- Exercise:
Of all the entries below, only the lines from the one with "rows), so T_n" up to and including the one with "Lemma phi_mcell a : is_mcell T a ->" are to be duplicated exactly.

- Data to examine:

·····

(* Let $M_n=V\,{\rm diag}(\Lambda_{n1},\dots,\Lambda_{nd})V^{-1}$, $n=1,\dots,N$, with $V$ real invertible and $\Lambda_{ni}$ real, let $\gamma=\min_{j<j'}\sum_{n=1}^N(\Lambda_{nj}-\Lambda_{nj'})^2$, and let $U_\circ$ be an orthogonal matrix with ${\rm low}(U_\circ^TM_nU_\circ)=0$ for all $n$. Then for every skew-symmetric $X$, $$\sum_{n=1}^N{\rm Tr}(\dot g_n^T\dot g_n)\ge\varepsilon\|X\|^2,\qquad \dot g_n={\rm low}\big([U_\circ^TM_nU_\circ,X]\big),\qquad \varepsilon=\frac{\gamma}{2\kappa(V)^4}.$$
   Context: ${\rm low}(A)$ is the strictly lower-triangular part of $A$; $[A,B]=AB-BA$; $\|\cdot\|$ is the Frobenius norm; $\kappa(V)=\sigma_{\max}(V)/\sigma_{\min}(V)$. *)

From HB Require Import structures.
From mathcomp Require Import all_boot all_order all_algebra.
From mathcomp Require Import classical_sets reals.
Set Implicit Arguments. Unset Strict Implicit. Unset Printing Implicit Defensive.
Import Order.TTheory GRing.Theory Num.Theory.
Local Open Scope ring_scope.
Local Open Scope classical_set_scope.

Definition low (R : realType) (d : nat) (A : 'M[R]_d) : 'M[R]_d :=
  \matrix_(i, j) (if (j < i)%N then A i j else 0).

Definition comm_mxr (R : realType) (d : nat) (A B : 'M[R]_d) : 'M[R]_d :=
  A *m B - B *m A.

Definition frob (R : realType) (m n : nat) (A : 'M[R]_(m, n)) : R :=
  Num.sqrt (\sum_i \sum_j A i j ^+ 2).

Definition vnorm (R : realType) (d : nat) (x : 'cV[R]_d) : R :=
  Num.sqrt (\sum_i x i 0 ^+ 2).

Definition sigma_max (R : realType) (d : nat) (V : 'M[R]_d) : R :=
  sup [set vnorm (V *m x) | x in [set x : 'cV[R]_d | vnorm x = 1]].
Definition sigma_min (R : realType) (d : nat) (V : 'M[R]_d) : R :=
  inf [set vnorm (V *m x) | x in [set x : 'cV[R]_d | vnorm x = 1]].

Definition kappa (R : realType) (d : nat) (V : 'M[R]_d) : R :=
  sigma_max V / sigma_min V.

Definition gap (R : realType) (N d : nat) (Lam : 'I_N -> 'I_d -> R) : R :=
  inf [set (\sum_n (Lam n p.1 - Lam n p.2) ^+ 2)
       | p in [set p : 'I_d * 'I_d | (p.1 < p.2)%N]].

(* Put W = U^T V, so that T_n = U^T M_n U = W Λ_n W^-1 is upper triangular.
   Ordering the columns of W by the row of their last nonzero entry makes W
   upper triangular as well (distinct columns of eigenvalues force distinct
   rows), so T_n = R D_n R^-1 with R upper triangular and D_n = diag(μ_n.) a
   permutation of Λ_n.  For L = low X (hence ||X||^2 = 2 ||L||^2) put
   A = R^T L R^-T and B_n = R^-T H_n R^T, where H_n = A ∘ ((μ_ni - μ_nj) / γ_ij)
   with γ_ij = Σ_n (μ_ni - μ_nj)^2 solves Σ_n [D_n, H_n] = A.  Since the B_n
   are strictly lower triangular, Σ_n <B_n, low [T_n, X]> = Σ_n <B_n, [T_n, X]>
   = <L, X> = ||L||^2, while Σ_n ||B_n||^2 <= κ^4 ||L||^2 / γ because γ <= γ_ij;
   Cauchy-Schwarz concludes. *)

From HB Require Import structures.
From mathcomp Require Import all_boot all_order all_algebra.
From mathcomp Require Import boolp classical_sets reals.
From mathcomp Require Import fingroup perm ring lra zify.
Import Order.TTheory GRing.Theory Num.Theory.
Local Open Scope ring_scope.
Set Implicit Arguments. Unset Strict Implicit.
Lemma phi_facet F p x : parent d k F p -> image_top p x -> phi (F,1) = glue_colored x F.
Proof.
move=> hp hx; have [tp [_ sp]] := parent_top hp; have [_ hxt] := image_topP hx.
have [e _ _] := phi_image_top 1 hx sp; rewrite e (img_vertex_image_face hp hx).
have [_ gb _] := glue_coloredP hxt hp.
exact: (face_contained hNm (proj1 hxt) (rt_step _ _ _ _ gb)).
Qed.

Lemma phi_mcell a : is_mcell T a ->
  [/\ is_mcell N (phi a), (phi a).1 = img vertex_image a.1 & size (phi a).1 = size a.1].
Proof.
move=> /Tmc_mcell_top [t [tt st _]]; case: a st => s r /= st.
have hx := top_imageP tt; have [_ [mx _]] := image_topP hx.
have [_ c ->] := phi_image_top r hx st.
by rewrite (size_img_vertex_image hx st); split=> //; exact: (contained_mcell hNm mx c).
Qed.

Lemma phi_glue a s : is_mcell T a -> codim1 s a.1 ->
  phi (glue T a s) = glue N (phi a) (img vertex_image s).
Proof.
move=> ma [es ss]; have [t [tt st ea]] := Tmc_mcell_top ma.
case: a ma ss es st ea => s0 r0 ma /= ss es st ->.
have hx := top_imageP tt; have [_ [mx _]] := image_topP hx.
have sst := subseq_trans ss st.
have [-> _ _] := phi_image_top 1 hx sst; have [_ c0 e0] := phi_image_top 1 hx st.
have cd : codim1 (img vertex_image s) (phi (s0,1)).1.
  split; last by rewrite e0 img_subseq.
  by rewrite e0 (size_img_vertex_image hx sst) (size_img_vertex_image hx st).
have [m0 _ _] := phi_mcell ma.
have cc := rt_trans _ _ _ _ _ (rt_step _ _ _ _ (glue_gstep m0 cd)) c0.
exact: (face_contained hNm mx cc).
Qed.

Lemma phi_root : phi (Tinit d) = b0.
Proof. exact: phi_top image_base. Qed.
(* Let $\psi$ be a formula not containing $\mathbin{\&}$, let $I$ be an interpretation that interprets equality as identity, and let $\sigma$ be an assignment with $\sigma,I\models_P\psi$ and $MFA(\sigma)$. Then there exists an assignment $\sigma^\ddagger\subseteq\sigma$ such that $\sigma^\ddagger,I\models_S\psi^S\mathbin{\&}SFA(\psi)$.
   Context: Fix a set $\mathcal X$ of synchronisation variables and, for each $x\in\mathcal X$, a distinct data flow variable $\hat x$; $\hat{\mathcal X}=\{\hat x: x\in\mathcal X\}$. Fix function symbols $\mathcal F$ and predicate symbols $\mathcal P$ (with arities), $\mathcal P$ containing binary equality $=$; $\mathcal D$ is the set of ground terms over $\mathcal F$. Formulas: $\psi ::= \top \mid x \mid \psi_1\wedge\psi_2 \mid \psi_1\mathbin{\&}\psi_2 \mid \neg\psi \mid p(t_1,\dots,t_n)$, terms $t ::= \hat x \mid f(t_1,\dots,t_n)$. $\mathrm{fv}(\psi)$ is the set of variables of $\mathcal X\cup\hat{\mathcal X}$ occurring in $\psi$; $V(\psi)=\{x\in\mathcal X: x\in\mathrm{fv}(\psi)\text{ or }\hat x\in\mathrm{fv}(\psi)\}$. An assignment $\sigma$ is a partial map sending $x\in\mathcal X$ to $\{\mathrm{true},\mathrm{false}\}$ and $\hat x$ to $\mathcal D$; $\sigma\subseteq\sigma'$ means $\sigma'$ extends $\sigma$. An interpretation $I$ is a partial map from pairs $(p,(d_1,\dots,d_n))$ ($d_i\in\mathcal D$) to $\{\mathrm{true},\mathrm{false}\}$; it interprets equality as identity if $I(=,(d,d'))$ is $\mathrm{true}$ when $d=d'$ and $\mathrm{false}$ otherwise. $\mathrm{Val}_\sigma(\hat x)=\sigma(\hat x)$, $\mathrm{Val}_\sigma(f(\vec t))=f(\mathrm{Val}_\sigma(t_1),\dots)$, undefined if an argument is. Partial satisfaction $\models_P$ / dissatisfaction $\mathrel{=\!\!|}_P$ (for $\mathbin{\&}$-free formulas): $\models_P\top$ always; $\models_P x$ iff $\sigma(x)=\mathrm{true}$; $\models_P\psi_1\wedge\psi_2$ iff both; $\models_P\neg\psi$ iff $\mathrel{=\!\!|}_P\psi$; $\models_P p(\vec t)$ iff all $\mathrm{Val}_\sigma(t_i)$ defined and $I(p,(\mathrm{Val}_\sigma(t_i))_i)=\mathrm{true}$; $\mathrel{=\!\!|}_P\top$ never; $\mathrel{=\!\!|}_P x$ iff $\sigma(x)=\mathrm{false}$; $\mathrel{=\!\!|}_P\psi_1\wedge\psi_2$ iff one conjunct is dissatisfied; $\mathrel{=\!\!|}_P\neg\psi$ iff $\models_P\psi$; $\mathrel{=\!\!|}_P p(\vec t)$ iff all values defined and $I(\dots)=\mathrm{false}$. $MFA(\sigma)$: for all $x\in\mathcal X$, $\sigma(\hat x)$ defined implies $\sigma(x)=\mathrm{true}$. Simple satisfaction $\models_S$ / dissatisfaction $\mathrel{=\!\!|}_S$ ($\sigma_1\frown\sigma_2$ means they agree on their common domain): $\sigma,I\models_S\top$ iff $\sigma=\emptyset$; $\models_S x$ iff $\sigma=\{x\mapsto\mathrm{true}\}$; $\models_S\psi_1\wedge\psi_2$ iff $\sigma=\sigma_1\cup\sigma_2$ with $\sigma_1\frown\sigma_2$, $\sigma_i,I\models_S\psi_i$; $\models_S\psi_1\mathbin{\&}\psi_2$ iff $\sigma$ satisfies both; $\models_S\neg\psi$ iff $\mathrel{=\!\!|}_S\psi$; $\models_S p(\vec t)$ iff all values defined, $I(p,\dots)=\mathrm{true}$ and $\mathrm{dom}(\sigma)=\mathrm{fv}(p(\vec t))$. $\mathrel{=\!\!|}_S\top$ never; $\mathrel{=\!\!|}_S x$ iff $\sigma=\{x\mapsto\mathrm{false}\}$; $\sigma,I\mathrel{=\!\!|}_S\psi_1\wedge\psi_2$ iff for all $\sigma_1\frown\sigma_2$ with $\sigma=\sigma_1\cup\sigma_2$, $\sigma_1,I\mathrel{=\!\!|}_S\psi_1$ or $\sigma_2,I\mathrel{=\!\!|}_S\psi_2$; $\mathrel{=\!\!|}_S\psi_1\mathbin{\&}\psi_2$ iff $\sigma$ dissatisfies one; $\mathrel{=\!\!|}_S\neg\psi$ iff $\models_S\psi$; $\mathrel{=\!\!|}_S p(\vec t)$ iff all values defined, $I(\dots)=\mathrm{false}$ and $\mathrm{dom}(\sigma)=\mathrm{fv}(p(\vec t))$. $\psi_1\oplus\psi_2:=\neg(\neg\psi_1\mathbin{\&}\neg\psi_2)$; $SFA(x):=\top\oplus x\oplus\neg x\oplus(x\wedge(\hat x=\hat x))\oplus(\hat x=\hat x)$; $SFA(\psi):=\bigwedge_{x\in V(\psi)}SFA(x)$ (overlapping conjunction; $\top$ if $V(\psi)=\emptyset$). A subformula occurrence is in a negative position if it lies within the scope of an odd number of negations, otherwise positive; $\psi^S$ is obtained from $\psi$ by replacing every $\wedge$ in a negative position by $\mathbin{\&}$. *)

From mathcomp Require Import ssreflect ssrfun ssrbool eqtype ssrnat seq.
Set Implicit Arguments. Unset Strict Implicit. Unset Printing Implicit Defensive.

·····

- Solution to this problem:
   rows), so T_n = R D_n R^-1 with R upper triangular and D_n = diag(μ_n.) a
   permutation of Λ_n.  For L = low X (hence ||X||^2 = 2 ||L||^2) put
   A = R^T L R^-T and B_n = R^-T H_n R^T, where H_n = A ∘ ((μ_ni - μ_nj) / γ_ij)
   with γ_ij = Σ_n (μ_ni - μ_nj)^2 solves Σ_n [D_n, H_n] = A.  Since the B_n
   are strictly lower triangular, Σ_n <B_n, low [T_n, X]> = Σ_n <B_n, [T_n, X]>
   = <L, X> = ||L||^2, while Σ_n ||B_n||^2 <= κ^4 ||L||^2 / γ because γ <= γ_ij;
   Cauchy-Schwarz concludes. *)

From HB Require Import structures.
From mathcomp Require Import all_boot all_order all_algebra.
From mathcomp Require Import boolp classical_sets reals.
From mathcomp Require Import fingroup perm ring lra zify.
Import Order.TTheory GRing.Theory Num.Theory.
Local Open Scope ring_scope.
Set Implicit Arguments. Unset Strict Implicit.
Lemma phi_facet F p x : parent d k F p -> image_top p x -> phi (F,1) = glue_colored x F.
Proof.
move=> hp hx; have [tp [_ sp]] := parent_top hp; have [_ hxt] := image_topP hx.
have [e _ _] := phi_image_top 1 hx sp; rewrite e (img_vertex_image_face hp hx).
have [_ gb _] := glue_coloredP hxt hp.
exact: (face_contained hNm (proj1 hxt) (rt_step _ _ _ _ gb)).
Qed.

Lemma phi_mcell a : is_mcell T a ->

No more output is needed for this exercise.